« Le meilleur vice-président qu’on ait eu »

Un nichoir à oiseaux en hommage à Joe Biden installé dans un parc de Wilmington, dans le Delaware, a été enlevé, car considéré comme trop partisan par les républicains. Signe d’un pays polarisé, estime l’artiste qui l’a créé.

Photo : Yona Helaoua

À Wilmington, tout le monde connaît Joe Biden. Cette ville de 70 000 habitants du Delaware, dans l’est des États-Unis, est le fief politique du candidat démocrate à la présidentielle. Il y a été sénateur de 1973 à 2009. Et si beaucoup le soutiennent, il a aussi ses détracteurs. À la fin de cet été, une polémique locale a illustré ces divisions.

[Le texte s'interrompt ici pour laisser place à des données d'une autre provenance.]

(* For $k\geq1$, the star $K_{1,k+2}$ has spectator floor $k$ and is minor-minimal among graphs with spectator floor $k$ (no proper minor of it has spectator floor $k$).
   Context: All graphs are finite, have at least one vertex, have no loops, and may have multiple (parallel) edges. A minor of $H$ is any graph obtained from $H$ by a sequence of: deleting an isolated vertex, deleting an edge, contracting an edge that has no edge parallel to it. A unique shortest path is a shortest $u$–$v$ path $P$ such that every $u$–$v$ path with the same number of vertices is identical to $P$, where two paths with different edge sequences are different even if their vertex sequences agree; a single vertex is a unique shortest path. The parade number $\mathrm{usp}(G)$ is the largest number of vertices of a unique shortest path in $G$. The spectator number is $\mathrm{sp}(G)=|V(G)|-\mathrm{usp}(G)$. The spectator floor $\lfloor \mathrm{sp}\rfloor(G)$ is the minimum of $\mathrm{sp}(H)$ over all graphs $H$ of which $G$ is a minor. *)

From mathcomp Require Import all_boot.
Set Implicit Arguments. Unset Strict Implicit. Unset Printing Implicit Defensive.

(* Finite multigraphs without loops.                                   *)
(* edges are identified by their position in the list, so parallel    *)
(* edges are distinct edges.                                           *)
Record graph := Graph { gnv : nat; gedges : seq (nat * nat) }.

Definition edge_ok (n : nat) (e : nat * nat) : bool :=
  [&& e.1 < n, e.2 < n & e.1 != e.2].

Definition wf (G : graph) : bool := (0 < gnv G) && all (edge_ok (gnv G)) (gedges G).

Definition unord (e : nat * nat) : nat * nat := (minn e.1 e.2, maxn e.1 e.2).

Definition nth_edge (G : graph) (i : nat) : nat * nat := nth (0, 0) (gedges G) i.

Definition iso (G H : graph) : Prop :=
  gnv G = gnv H /\
  exists f : nat -> nat,
    (forall x, x < gnv G -> f x < gnv H) /\
    {in [pred x | x < gnv G] &, injective f} /\
    perm_eq [seq unord (f e.1, f e.2) | e <- gedges G] [seq unord e | e <- gedges H].

(* renumbering after deleting vertex v *)
Definition shiftv (v w : nat) : nat := if v < w then w.-1 else w.

Definition rm_nth (T : Type) (i : nat) (s : seq T) : seq T := take i s ++ drop i.+1 s.

Inductive minor_step : graph -> graph -> Prop :=
| DelIsolated (G : graph) (v : nat) :
    v < gnv G -> 1 < gnv G ->
    all (fun e : nat * nat => (e.1 != v) && (e.2 != v)) (gedges G) ->
    minor_step G (Graph (gnv G).-1
                        [seq (shiftv v e.1, shiftv v e.2) | e <- gedges G])
| DelEdge (G : graph) (i : nat) :
    i < size (gedges G) ->
    minor_step G (Graph (gnv G) (rm_nth i (gedges G)))
| Contract (G : graph) (i : nat) :
    i < size (gedges G) ->
    (forall j, j < size (gedges G) -> j != i ->
       unord (nth_edge G j) != unord (nth_edge G i)) ->
    let u := (nth_edge G i).1 in
    let v := (nth_edge G i).2 in
    let ren := fun w => if w == v then u else w in
    minor_step G (Graph (gnv G).-1
                        [seq (shiftv v (ren e.1), shiftv v (ren e.2))
                        | e <- rm_nth i (gedges G)]).

Inductive steps : graph -> graph -> Prop :=
| steps_refl G : steps G G
| steps_cons G1 G2 G3 : minor_step G1 G2 -> steps G2 G3 -> steps G1 G3.

Definition minor (G H : graph) : Prop := exists H', steps H H' /\ iso H' G.

Definition proper_minor (G H : graph) : Prop :=
  exists H1 H', minor_step H H1 /\ steps H1 H' /\ iso H' G.

(* Paths: p = (vertex sequence x_0..x_m, edge index sequence e_1..e_m) *)
Definition is_path (G : graph) (u v : nat) (p : seq nat * seq nat) : Prop :=
  let vs := p.1 in let es := p.2 in
  size vs = (size es).+1 /\
  uniq vs /\
  all (fun x => x < gnv G) vs /\
  all (fun e => e < size (gedges G)) es /\
  (forall i, i < size es ->
     unord (nth_edge G (nth 0 es i)) = unord (nth 0 vs i, nth 0 vs i.+1)) /\
  nth 0 vs 0 = u /\
  nth 0 vs (size es) = v.

Definition pnv (p : seq nat * seq nat) : nat := size p.1.

Definition is_usp (G : graph) (p : seq nat * seq nat) : Prop :=
  let u := nth 0 p.1 0 in let v := nth 0 p.1 (size p.2) in
  [/\ is_path G u v p,
      (forall q, is_path G u v q -> pnv p <= pnv q) &
      (forall q, is_path G u v q -> pnv q = pnv p -> q = p)].

Definition usp_is (G : graph) (m : nat) : Prop :=
  (exists p, is_usp G p /\ pnv p = m) /\
  (forall p, is_usp G p -> pnv p <= m).

Definition sp_is (G : graph) (s : nat) : Prop :=
  exists m, usp_is G m /\ s = gnv G - m.

Definition spfloor_is (G : graph) (k : nat) : Prop :=
  (exists H, wf H /\ minor G H /\ sp_is H k) /\
  (forall H s, wf H -> minor G H -> sp_is H s -> k <= s).

Definition star (n : nat) : graph :=
  Graph n.+1 [seq (0, i.+1) | i <- iota 0 n].

From mathcomp Require Import all_boot zify.
Set Implicit Arguments. Unset Strict Implicit. Unset Printing Implicit Defensive.

(* A graph [H] with K_{1,n} as a minor contains a connected set [C] of vertices with [n]
   distinct neighbours outside it.  Let [P] be a shortest path ending at [r] and [d] the
   distance to [r], which drops by one at each step of [P].  Every neighbour on [P] other
   than the two with extreme [d] lies, for [d], strictly between two others; a discrete
   intermediate value argument along [C] then yields a vertex of [C] at the same distance,
   which is off [P] because [d] is injective on [P].  These vertices and the neighbours off
   [P] are [n - 2] distinct vertices outside [P], so sp(H) >= n - 2, with equality for the
   star and its path leaf-centre-leaf.  One minor operation turns K_{1,k+2} into K_{1,k+1}
   or into K_{1,k+2} minus an edge, a minor of the star with one leaf hung on another
   leaf; both have spectator number k - 1. *)

Lemma uniq_size_bounded (s : seq nat) n : uniq s -> all (fun x => x < n) s -> size s <= n.
Proof.
move=> us /allP sn; rewrite -(size_iota 0 n); apply: uniq_leq_size => // x xs.
by rewrite mem_iota sn.
Qed.

Lemma count_le1 (T : eqType) (P : pred T) (s : seq T) : uniq s ->
  {in s &, forall x y, P x -> P y -> x = y} -> count P s <= 1.
Proof.
move=> us Pinj; rewrite -size_filter.
have : uniq (filter P s) by rewrite filter_uniq.
have : {subset filter P s <= [pred x | (x \in s) && P x]}.
  by move=> x; rewrite mem_filter andbC.
case: (filter P s) => [|x [|y t]] //= sub /andP[/negP xy _].
have /andP[xs Px] := sub x (mem_head _ _).
have /andP[ys Py] : (y \in s) && P y by apply: sub; rewrite inE mem_head orbT.
by case: xy; rewrite (Pinj _ _ xs ys Px Py) mem_head.
Qed.

Lemma count_interior (s : seq nat) (f : nat -> nat) : uniq s -> {in s &, injective f} ->
  size s <= count (fun y => has (fun a => f a < f y) s && has (fun b => f y < f b) s) s + 2.
Proof.
move=> us f_inj; set interior := (fun y => _ && _).
pose is_min y := ~~ has (fun a => f a < f y) s.
pose is_max y := ~~ has (fun b => f y < f b) s.
have min1 : count is_min s <= 1.
  apply: count_le1 => // x y xs ys /hasPn xmin /hasPn ymin; apply: f_inj => //.
  by have := xmin y ys; have := ymin x xs; rewrite /= -!leqNgt; lia.
have max1 : count is_max s <= 1.
  apply: count_le1 => // x y xs ys /hasPn xmax /hasPn ymax; apply: f_inj => //.
  by have := xmax y ys; have := ymax x xs; rewrite /= -!leqNgt; lia.
rewrite -(count_predC interior).
have -> : count (predC interior) s = count (predU is_min is_max) s.
  by apply: eq_count => y; rewrite /= negb_and.
have := count_predUI is_min is_max s; lia.
Qed.

Lemma exists_seq_preimage (phi : nat -> nat) (Q : nat -> Prop) (s : seq nat) :
  (forall a, a \in s -> exists2 b, phi b = a & Q b) ->
  exists2 t, map phi t = s & forall b, b \in t -> Q b.
Proof.
elim: s => [|a s IH] sQ; first by exists [::].
have [b <- Qb] := sQ a (mem_head _ _).
have [c|t <- tQ] := IH; first by move=> cs; apply: sQ; rewrite inE cs orbT.
by exists (b :: t) => // x; rewrite inE => /orP[/eqP ->|/tQ].
Qed.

Un artiste de 68 ans, Tom Burke, a installé dans un parc un nichoir à oiseaux représentant d’un côté la gare de Wilmington, qui porte le nom de Joe Biden, et de l’autre, la Maison-Blanche. Tout un symbole : après la mort de sa première femme et de sa petite fille dans un accident de voiture en décembre 1972, le sénateur fraîchement élu « a pris le train chaque jour entre Washington et Wilmington pour pouvoir être à la maison le soir et border ses deux fils au lit, raconte Tom Burke. Cela montre que c’est un bon père, une bonne personne ».

L’artiste estime que Joe Bien est « le meilleur vice-président qu’on ait eu », et « un homme honnête et décent ». Alors sur son nichoir à oiseaux, il a ajouté des pancartes « En route avec Biden » et « Ce train se dirige vers la gloire ». Le journal local en a fait sa une. « Cela n’a pas plu au Parti républicain, qui s’est plaint auprès des propriétaires du terrain, et le nichoir a été enlevé », regrette Tom Burke, « surpris par l’ampleur » de la polémique. C’est le signe selon lui que « le pays est divisé ».

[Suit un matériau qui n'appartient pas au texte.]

(* Let $\alpha\in(0,1)$. With the full conformal region $\hat C_\alpha(X_{n+1})$, the upper approximate region $\tilde C_\alpha(X_{n+1})$ and the lower approximate region $\tilde C^{\mathrm{lo}}_\alpha(X_{n+1})$ as in the context, almost surely $$\tilde C^{\mathrm{lo}}_\alpha(X_{n+1})\subseteq\hat C_\alpha(X_{n+1})\subseteq\tilde C_\alpha(X_{n+1}),$$ and consequently, almost surely, the thickness satisfies $$\mathrm{THK}_\alpha(X_{n+1})\le\mathcal L\big(\tilde C_\alpha(X_{n+1})\setminus\tilde C^{\mathrm{lo}}_\alpha(X_{n+1})\big).$$
   Context: Let $\mathcal X\subset\mathbb R^d$, $\mathcal Y\subset\mathbb R$. $D=\{(X_1,Y_1),\dots,(X_n,Y_n)\}$ are random variables with values in $\mathcal X\times\mathcal Y$ and $(X_{n+1},Y_{n+1})$ is a further random pair. For $y\in\mathcal Y$ let $D^y=D\cup\{(X_{n+1},y)\}$ and let $\hat f_{D^y}$ be a predictor trained on $D^y$. Given $s:\mathcal Y\times\mathcal Y\to\mathbb R_+$, set $S_{D^y}(X_i,Y_i)=s(Y_i,\hat f_{D^y}(X_i))$ for $1\le i\le n$, $S_{D^y}(X_{n+1},y)=s(y,\hat f_{D^y}(X_{n+1}))$, $\hat\pi_D(X_{n+1},y)=\frac{1+\sum_{i=1}^n\mathbb 1\{S_{D^y}(X_i,Y_i)\ge S_{D^y}(X_{n+1},y)\}}{n+1}$ and $\hat C_\alpha(X_{n+1})=\{y:\hat\pi_D(X_{n+1},y)>\alpha\}$. For every $y$ let $\tilde S_{D^y}(X_i,Y_i)$ ($i\le n$), $\tilde S_{D^y}(X_{n+1},y)$ be approximate scores and $0\le\tau_i(y)<\infty$ be such that $|S_{D^y}(X_i,Y_i)-\tilde S_{D^y}(X_i,Y_i)|\le\tau_i(y)$ ($i\le n$) and $|S_{D^y}(X_{n+1},y)-\tilde S_{D^y}(X_{n+1},y)|\le\tau_{n+1}(y)$. Define $\tilde\pi_D(X_{n+1},y)=\frac{1+\sum_{i=1}^n\mathbb 1\{\tilde S_{D^y}(X_i,Y_i)+\tau_i(y)\ge\tilde S_{D^y}(X_{n+1},y)-\tau_{n+1}(y)\}}{n+1}$, $\tilde C_\alpha(X_{n+1})=\{y:\tilde\pi_D(X_{n+1},y)>\alpha\}$, $\tilde\pi^{\mathrm{lo}}_D(X_{n+1},y)=\frac{1+\sum_{i=1}^n\mathbb 1\{\tilde S_{D^y}(X_i,Y_i)-\tau_i(y)\ge\tilde S_{D^y}(X_{n+1},y)+\tau_{n+1}(y)\}}{n+1}$, $\tilde C^{\mathrm{lo}}_\alpha(X_{n+1})=\{y:\tilde\pi^{\mathrm{lo}}_D(X_{n+1},y)>\alpha\}$. The thickness is $\mathrm{THK}_\alpha(X_{n+1})=\mathcal L\big(\tilde C_\alpha(X_{n+1})\,\Delta\,\hat C_\alpha(X_{n+1})\big)$, with $\mathcal L$ the Lebesgue measure and $\Delta$ the symmetric difference. *)

From HB Require Import structures.
From mathcomp Require Import all_boot all_order all_algebra.
From mathcomp Require Import all_classical all_reals all_analysis.
Set Implicit Arguments. Unset Strict Implicit. Unset Printing Implicit Defensive.
Import Order.TTheory GRing.Theory Num.Theory.
Local Open Scope classical_set_scope.
Local Open Scope ring_scope.

Section ConformalDefs.
Variables (R : realType) (d n : nat).
Notation X := 'rV[R]_d.

(* D^y = D ∪ {(X_{n+1}, y)}, as the list of the n+1 training pairs.          *)
Definition augment (D : 'I_n -> X * R) (xnew : X) (y : R) : seq (X * R) :=
  rcons [seq D i | i <- enum 'I_n] (xnew, y).

Definition score (train : seq (X * R) -> X -> R) (s : R -> R -> R)
  (D : 'I_n -> X * R) (xnew : X) (y : R) (i : 'I_n) : R :=
  s (D i).2 (train (augment D xnew y) (D i).1).

Definition score_new (train : seq (X * R) -> X -> R) (s : R -> R -> R)
  (D : 'I_n -> X * R) (xnew : X) (y : R) : R :=
  s y (train (augment D xnew y) xnew).

Definition pihat train s D xnew (y : R) : R :=
  (1 + #|[pred i : 'I_n | score_new train s D xnew y <= score train s D xnew y i]|)%:R
  / (n.+1)%:R.

Definition Chat train s D xnew (alpha : R) : set R :=
  [set y | alpha < pihat train s D xnew y].

(* approximate scores: Stil y i for i : 'I_n is \tilde S_{D^y}(X_i,Y_i),
   Stil_new y is \tilde S_{D^y}(X_{n+1},y); tau y i = \tau_i(y), tau_new y = \tau_{n+1}(y) *)
Definition pitil (Stil : R -> 'I_n -> R) (Stil_new : R -> R)
  (tau : R -> 'I_n -> R) (tau_new : R -> R) (y : R) : R :=
  (1 + #|[pred i : 'I_n | Stil_new y - tau_new y <= Stil y i + tau y i]|)%:R
  / (n.+1)%:R.

Definition pitil_lo (Stil : R -> 'I_n -> R) (Stil_new : R -> R)
  (tau : R -> 'I_n -> R) (tau_new : R -> R) (y : R) : R :=
  (1 + #|[pred i : 'I_n | Stil_new y + tau_new y <= Stil y i - tau y i]|)%:R
  / (n.+1)%:R.

Definition Ctil Stil Stil_new tau tau_new (alpha : R) : set R :=
  [set y | alpha < pitil Stil Stil_new tau tau_new y].

Definition Ctil_lo Stil Stil_new tau tau_new (alpha : R) : set R :=
  [set y | alpha < pitil_lo Stil Stil_new tau tau_new y].

Definition THK train s D xnew Stil Stil_new tau tau_new (alpha : R) : \bar R :=
  (@lebesgue_measure R) (Ctil Stil Stil_new tau tau_new alpha `+` Chat train s D xnew alpha).

End ConformalDefs.

(** Each approximate score lies within its tolerance of the exact one, so the
    exact comparison [S_{n+1} <= S_i] is implied by the pessimistic comparison
    of the intervals [Stil +- tau] used in [pitil_lo], and implies the
    optimistic one used in [pitil].  Counting, the three p-values are ordered
    pointwise in [y], which nests the regions; the symmetric difference of the
    two outer regions then lies in the gap between the approximate ones, and
    Lebesgue outer measure is monotone. *)
From HB Require Import structures.
From mathcomp Require Import all_boot all_order all_algebra.
From mathcomp Require Import all_classical all_reals all_analysis.
From mathcomp Require Import lra.
Import Order.TTheory GRing.Theory Num.Theory.
Local Open Scope classical_set_scope.
Local Open Scope ring_scope.

Lemma approx_le_sound (R : realDomainType) (a b c e t u : R) :
  `|a - c| <= t -> `|b - e| <= u -> c + t <= e - u -> a <= b.
Proof. by rewrite !ler_norml => /andP[? ?] /andP[? ?] ?; lra. Qed.

Lemma approx_le_complete (R : realDomainType) (a b c e t u : R) :
  `|a - c| <= t -> `|b - e| <= u -> a <= b -> c - t <= e + u.
Proof. by rewrite !ler_norml => /andP[? ?] /andP[? ?] ?; lra. Qed.

Lemma ler_card_ratio (R : numFieldType) (n : nat) (P Q : pred 'I_n) :
  {subset P <= Q} ->
  ((1 + #|P|)%:R / n.+1%:R : R) <= (1 + #|Q|)%:R / n.+1%:R.
Proof.
move=> PQ; rewrite ler_pM2r ?invr_gt0 ?ltr0n // ler_nat ltnS.
exact/subset_leq_card/fintype.subsetP.
Qed.

Lemma setY_subset_setD (T : Type) (A B C : set T) :
  A `<=` B -> B `<=` C -> C `+` B `<=` C `\` A.
Proof.
move=> AB BC x [[Cx nBx]|[Bx nCx]]; first by split=> // /AB.
by case: nCx; exact: BC.
Qed.

(* The regions need not be measurable, so monotonicity is that of the outer
   measure underlying [lebesgue_measure]. *)
Lemma lebesgue_measure_le (R : realType) (A B : set R) :
  A `<=` B -> (lebesgue_measure A <= lebesgue_measure B)%E.
Proof.
move=> AB; rewrite /lebesgue_measure /lebesgue_stieltjes_measure.
by rewrite /measure_extension; apply: le_mu_ext.
Qed.

Section NestedRegions.
Context {R : realType} {d n : nat} {D : 'I_n -> 'rV[R]_d * R}.
Context {xnew : 'rV[R]_d} {train : seq ('rV[R]_d * R) -> 'rV[R]_d -> R}.
Context {s : R -> R -> R} {Stil : R -> 'I_n -> R} {Stil_new : R -> R}.
Context {tau : R -> 'I_n -> R} {tau_new : R -> R}.
Hypothesis hS : forall y i, `|score train s D xnew y i - Stil y i| <= tau y i.
Hypothesis hS_new :
  forall y, `|score_new train s D xnew y - Stil_new y| <= tau_new y.

Lemma pitil_lo_le_pihat y :
  pitil_lo Stil Stil_new tau tau_new y <= pihat train s D xnew y.
Proof.
apply: ler_card_ratio => i; rewrite !inE.
exact: approx_le_sound (hS_new y) (hS y i).
Qed.

Lemma pihat_le_pitil y :
  pihat train s D xnew y <= pitil Stil Stil_new tau tau_new y.
Proof.
apply: ler_card_ratio => i; rewrite !inE.
exact: approx_le_complete (hS_new y) (hS y i).
Qed.

Lemma Ctil_lo_sub_Chat alpha :
  Ctil_lo Stil Stil_new tau tau_new alpha `<=` Chat train s D xnew alpha.
Proof. by move=> y /lt_le_trans; apply; exact: pitil_lo_le_pihat. Qed.

Lemma Chat_sub_Ctil alpha :
  Chat train s D xnew alpha `<=` Ctil Stil Stil_new tau tau_new alpha.
Proof. by move=> y /lt_le_trans; apply; exact: pihat_le_pitil. Qed.

End NestedRegions.

Theorem lemma7 (R : realType) (d n : nat) (alpha : R)
  (halpha : 0 < alpha < 1)
  (D : 'I_n -> 'rV[R]_d * R) (xnew : 'rV[R]_d)
  (train : seq ('rV[R]_d * R) -> 'rV[R]_d -> R) (s : R -> R -> R)
  (hs : forall a b, 0 <= s a b)
  (Stil : R -> 'I_n -> R) (Stil_new : R -> R)
  (tau : R -> 'I_n -> R) (tau_new : R -> R)
  (htau : forall y i, 0 <= tau y i) (htau_new : forall y, 0 <= tau_new y)
  (hS : forall y i, `|score train s D xnew y i - Stil y i| <= tau y i)
  (hS_new : forall y, `|score_new train s D xnew y - Stil_new y| <= tau_new y) :
  [/\ Ctil_lo Stil Stil_new tau tau_new alpha `<=` Chat train s D xnew alpha,
      Chat train s D xnew alpha `<=` Ctil Stil Stil_new tau tau_new alpha
    & (THK train s D xnew Stil Stil_new tau tau_new alpha
       <= (@lebesgue_measure R)
            (Ctil Stil Stil_new tau tau_new alpha `\` Ctil_lo Stil Stil_new tau tau_new alpha))%E].
Proof.
have lo_sub_hat := Ctil_lo_sub_Chat hS hS_new alpha.
have hat_sub_til := Chat_sub_Ctil hS hS_new alpha.
split=> //; apply: lebesgue_measure_le.
exact: setY_subset_setD lo_sub_hat hat_sub_til.
Qed.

« C’est juste un nichoir à oiseaux ! » soupire-t-il dans le garage où il a installé son atelier.

Respect

Le sexagénaire estime qu’il ne faisait que rendre hommage à la relation solide entre Wilmington et Joe Biden. « Quand on se promène en ville, on le croise au supermarché, au restaurant… Moi, je l’ai rencontré plusieurs fois lors de cocktails », se souvient Tom Burke.

L’artiste évoque aussi le deuxième deuil de Joe Biden, celui de son fils Beau, mort d’un cancer en 2015 : « La ville a organisé des funérailles grandioses pour lui, j’y étais. Tout le monde s’est rassemblé. Il y avait des milliers de personnes autour de l’église, beaucoup de respect. » Selon Tom Burke, Joe Biden « a vécu son deuil en public de manière très digne. Cela fait partie de lui maintenant, et de l’Amérique ».